(* Let $\mathcal S=\{1,\dots,S\}$ be a finite state space, let $X=(X_t)_{t\in\mathbb N}$ be a discrete-time process with values in $\mathcal S$, and let $\boldsymbol Z$ be a random covariate vector (not depending on $t$) with support $\mathcal Z$. Assume: (i) for every $\boldsymbol z\in\mathcal Z$, conditionally on $\boldsymbol Z=\boldsymbol z$, $X$ is a homogeneous, irreducible and aperiodic Markov chain of order 1 with transition probabilities $p_{ij}(\boldsymbol z)=\mathbb P(X_{t+1}=j\mid X_t=i,\boldsymbol Z=\boldsymbol z)$ for all $t\in\mathbb N$, $i,j\in\mathcal S$, and transition matrix $\boldsymbol P(\boldsymbol z)=(p_{ij}(\boldsymbol z))_{i,j}$; (ii) $T_0$ is not random, and $0\le T_0<T_1<T_2<\cdots$ are integer observation times with gaps $\tau_k=T_k-T_{k-1}\in\mathbb N^*$, $k\ge1$; set $Y_k=X_{T_k}$; (iii) the sequence $(\tau_k)_{k\ge1}$ is conditionally independent of $X$ given $\boldsymbol Z$; (iv) for every $\boldsymbol z\in\mathcal Z$, the positive integer-valued variables $\tau_k$, $k\ge1$, are conditionally independent and have the same conditional distribution given $\boldsymbol Z=\boldsymbol z$. Then: (a) for every integer $k\ge1$, $\boldsymbol z\in\mathcal Z$, $i_{k-1},\dots,i_1\in\mathcal S$, $\ell'_k,\dots,\ell'_1\in\mathbb N^*$, and all $i,j\in\mathcal S$, $\ell\in\mathbb N^*$, $$\mathbb P(Y_{k+1}=j,\tau_{k+1}=\ell\mid Y_k=i,\tau_k=\ell'_k,Y_{k-1}=i_{k-1},\tau_{k-1}=\ell'_{k-1},\dots,Y_1=i_1,\tau_1=\ell'_1,\boldsymbol Z=\boldsymbol z)=\mathbb P(Y_{k+1}=j,\tau_{k+1}=\ell\mid Y_k=i,\boldsymbol Z=\boldsymbol z);$$ (b) for every $\boldsymbol z\in\mathcal Z$, all integers $t<t'$, all $k\in\mathbb N$ and $i,j\in\mathcal S$, $$\mathbb P(X_{T_{k+1}}=j\mid X_{T_k}=i,T_{k+1}=t',T_k=t,\boldsymbol Z=\boldsymbol z)=\big(\boldsymbol P^{t'-t}(\boldsymbol z)\big)_{ij};$$ (c) for every $\boldsymbol z\in\mathcal Z$, the conditional distribution of $\tau_{k+1}$ given $Y_k$ and $\boldsymbol Z=\boldsymbol z$ is the same for all $k\in\mathbb N$.
   Context: $\boldsymbol P^{m}(\boldsymbol z)$ denotes the $m$-th matrix power of $\boldsymbol P(\boldsymbol z)$. Conditional probabilities given $\boldsymbol Z=\boldsymbol z$ are understood for $\boldsymbol z$ in the support of $\boldsymbol Z$. *)

From HB Require Import structures.
From mathcomp Require Import all_boot all_order all_algebra.
From mathcomp Require Import all_classical all_reals all_analysis.
Set Implicit Arguments. Unset Strict Implicit. Unset Printing Implicit Defensive.
Import Order.TTheory GRing.Theory Num.Theory.
Local Open Scope classical_set_scope.
Local Open Scope ring_scope.

Section Defs.
Context {R : realType} {d : measure_display} {Omega : measurableType d}.

Definition Pr (mu : probability Omega R) (A : set Omega) : R := fine (mu A).

(* elementary conditional probability P(A | B) = P(A /\ B) / P(B)
   (only used when P(B) > 0) *)
Definition cprob (mu : probability Omega R) (A B : set Omega) : R :=
  Pr mu (A `&` B) / Pr mu B.

Definition stochastic_mx (N : nat) (M : 'M[R]_N.+1) : Prop :=
  (forall i j, 0 <= M i j) /\ (forall i, \sum_j M i j = 1).

Definition irreducible_mx (N : nat) (M : 'M[R]_N.+1) : Prop :=
  forall i j, exists m : nat, 0 < (M ^+ m) i j.

(* aperiodic: for every state i, gcd {m >= 1 | (M^m)_{ii} > 0} = 1 *)
Definition aperiodic_mx (N : nat) (M : 'M[R]_N.+1) : Prop :=
  forall i (q : nat),
    (forall m : nat, (0 < m)%N -> 0 < (M ^+ m) i i -> (q %| m)%N) -> q = 1%N.

Definition hom_markov_chain (N : nat) (mu : probability Omega R)
  (X : nat -> Omega -> 'I_N.+1) (M : 'M[R]_N.+1) : Prop :=
  stochastic_mx M /\
  (forall (t : nat) (i j : 'I_N.+1),
     0 < Pr mu [set w | X t w = i] ->
     cprob mu [set w | X t.+1 w = j] [set w | X t w = i] = M i j) /\
  (forall (t : nat) (h : nat -> 'I_N.+1) (i j : 'I_N.+1),
     0 < Pr mu [set w | X t w = i /\ forall s, (s < t)%N -> X s w = h s] ->
     cprob mu [set w | X t.+1 w = j]
              [set w | X t w = i /\ forall s, (s < t)%N -> X s w = h s]
     = cprob mu [set w | X t.+1 w = j] [set w | X t w = i]).

Definition gap (T : nat -> Omega -> nat) (k : nat) (w : Omega) : nat :=
  (T k w - T k.-1 w)%N.

Definition obs (N : nat) (X : nat -> Omega -> 'I_N.+1) (T : nat -> Omega -> nat)
  (k : nat) (w : Omega) : 'I_N.+1 := X (T k w) w.

Definition indep_gaps_process (N : nat) (mu : probability Omega R)
  (X : nat -> Omega -> 'I_N.+1) (tau : nat -> Omega -> nat) : Prop :=
  forall (ts ks : seq nat) (h : nat -> 'I_N.+1) (l : nat -> nat),
    all (fun k => (0 < k)%N) ks ->
    Pr mu [set w | (forall t, t \in ts -> X t w = h t) /\
                   (forall k, k \in ks -> tau k w = l k)]
    = Pr mu [set w | forall t, t \in ts -> X t w = h t] *
      Pr mu [set w | forall k, k \in ks -> tau k w = l k].

Definition mutually_indep_gaps (mu : probability Omega R)
  (tau : nat -> Omega -> nat) : Prop :=
  forall (ks : seq nat) (l : nat -> nat),
    uniq ks -> all (fun k => (0 < k)%N) ks ->
    Pr mu [set w | forall k, k \in ks -> tau k w = l k]
    = \prod_(k <- ks) Pr mu [set w | tau k w = l k].

Definition ident_distr_gaps (mu : probability Omega R)
  (tau : nat -> Omega -> nat) : Prop :=
  forall (k l : nat), (0 < k)%N ->
    Pr mu [set w | tau k w = l] = Pr mu [set w | tau 1%N w = l].

End Defs.

From HB Require Import structures.
From mathcomp Require Import all_boot all_order all_algebra.
From mathcomp Require Import all_classical all_reals all_analysis.
From mathcomp Require Import ring.
Import Order.TTheory GRing.Theory Num.Theory.
Local Open Scope classical_set_scope.
Local Open Scope ring_scope.

(** Once the gaps tau_1, ..., tau_k are fixed to values l_1, ..., l_k, the
  observation times T_m = t0 + l_1 + ... + l_m (m <= k) are deterministic.
  On such a gap history every event of the statement is a cylinder event of X
  intersected with an event on the gaps; independence of X and the gaps
  factorises its probability, the Markov property evaluates the cylinder
  probability (the last observation adds a factor (P^l)_ij after l steps), and
  mutual independence of the gaps splits off tau_(k+1).  The resulting factor
  does not depend on the gap history, so summing over the countably many gap
  histories gives the same proportionality for the unconditioned events. *)

Section Probability.
Context {R : realType} {d : measure_display} {Omega : measurableType d}.
Variable mu : probability Omega R.

Lemma PrE A : measurable A -> mu A = (Pr mu A)%:E.
Proof. by move=> mA; rewrite /Pr fineK // fin_num_measure. Qed.

Lemma Pr_ge0 A : 0 <= Pr mu A.
Proof. exact/fine_ge0/measure_ge0. Qed.

Lemma Pr_set0 : Pr mu set0 = 0.
Proof. by rewrite /Pr measure0. Qed.

Lemma le_Pr A B : measurable A -> measurable B -> A `<=` B -> Pr mu A <= Pr mu B.
Proof.
by move=> mA mB AB; rewrite -lee_fin -!PrE //; apply: le_measure; rewrite ?inE.
Qed.

Lemma cprobE {A C c} :
  0 < Pr mu C -> Pr mu (A `&` C) = c * Pr mu C -> cprob mu A C = c.
Proof. by move=> C_gt0 ACc; rewrite /cprob ACc mulfK // gt_eqF. Qed.

Lemma Pr_proportional_fibers (K : countType) (f : Omega -> K) A B c :
  0 <= c -> measurable A -> measurable B ->
  (forall x, measurable [set w | f w = x]) ->
  (forall x, Pr mu (A `&` [set w | f w = x]) = c * Pr mu (B `&` [set w | f w = x])) ->
  Pr mu A = c * Pr mu B.
Proof.
move=> c_ge0 mA mB mf eqAB.
pose F (C : set Omega) m := C `&` [set w | pickle (f w) = m].
have FE C m : F C m = if pickle_inv m is Some x then C `&` [set w | f w = x] else set0.
  rewrite /F; apply/seteqP; split=> w /=.
    by case=> Cw <-; rewrite pickleK_inv.
  case E: (pickle_inv m) => [x|] //= [Cw fx].
  by split=> //; rewrite fx -(@pickle_invK K m) E.
have mF C m : measurable C -> measurable (F C m).
  by move=> mC; rewrite FE; case: (pickle_inv m) => [x|] //; exact: measurableI.
have muE C : measurable C -> mu C = (\sum_(0 <= m <oo | m \in setT) mu (F C m))%E.
  move=> mC; rewrite -measure_bigcup //; last first.
  - by move=> m n _ _ [w [[_ <-] [_ <-]]].
  - by move=> m _; exact: mF.
  congr (mu _); apply/seteqP; split=> [w Cw|w [m _ []] //].
  by exists (pickle (f w)).
suff muA : mu A = (c%:E * mu B)%E by rewrite /Pr muA fineM // fin_num_measure.
rewrite !muE // -nneseriesZl //; apply: eq_eseriesr => m _.
by rewrite !FE; case: (pickle_inv m) => [x|]; rewrite ?measure0 ?mule0 // !PrE ?eqAB //;
  exact: measurableI.
Qed.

How to complete this task | Check each line of the records for the word "independence", and show the lines that contain it.

Exercise output |
  intersected with an event on the gaps; independence of X and the gaps
  mutual independence of the gaps splits off tau_(k+1).  The resulting factor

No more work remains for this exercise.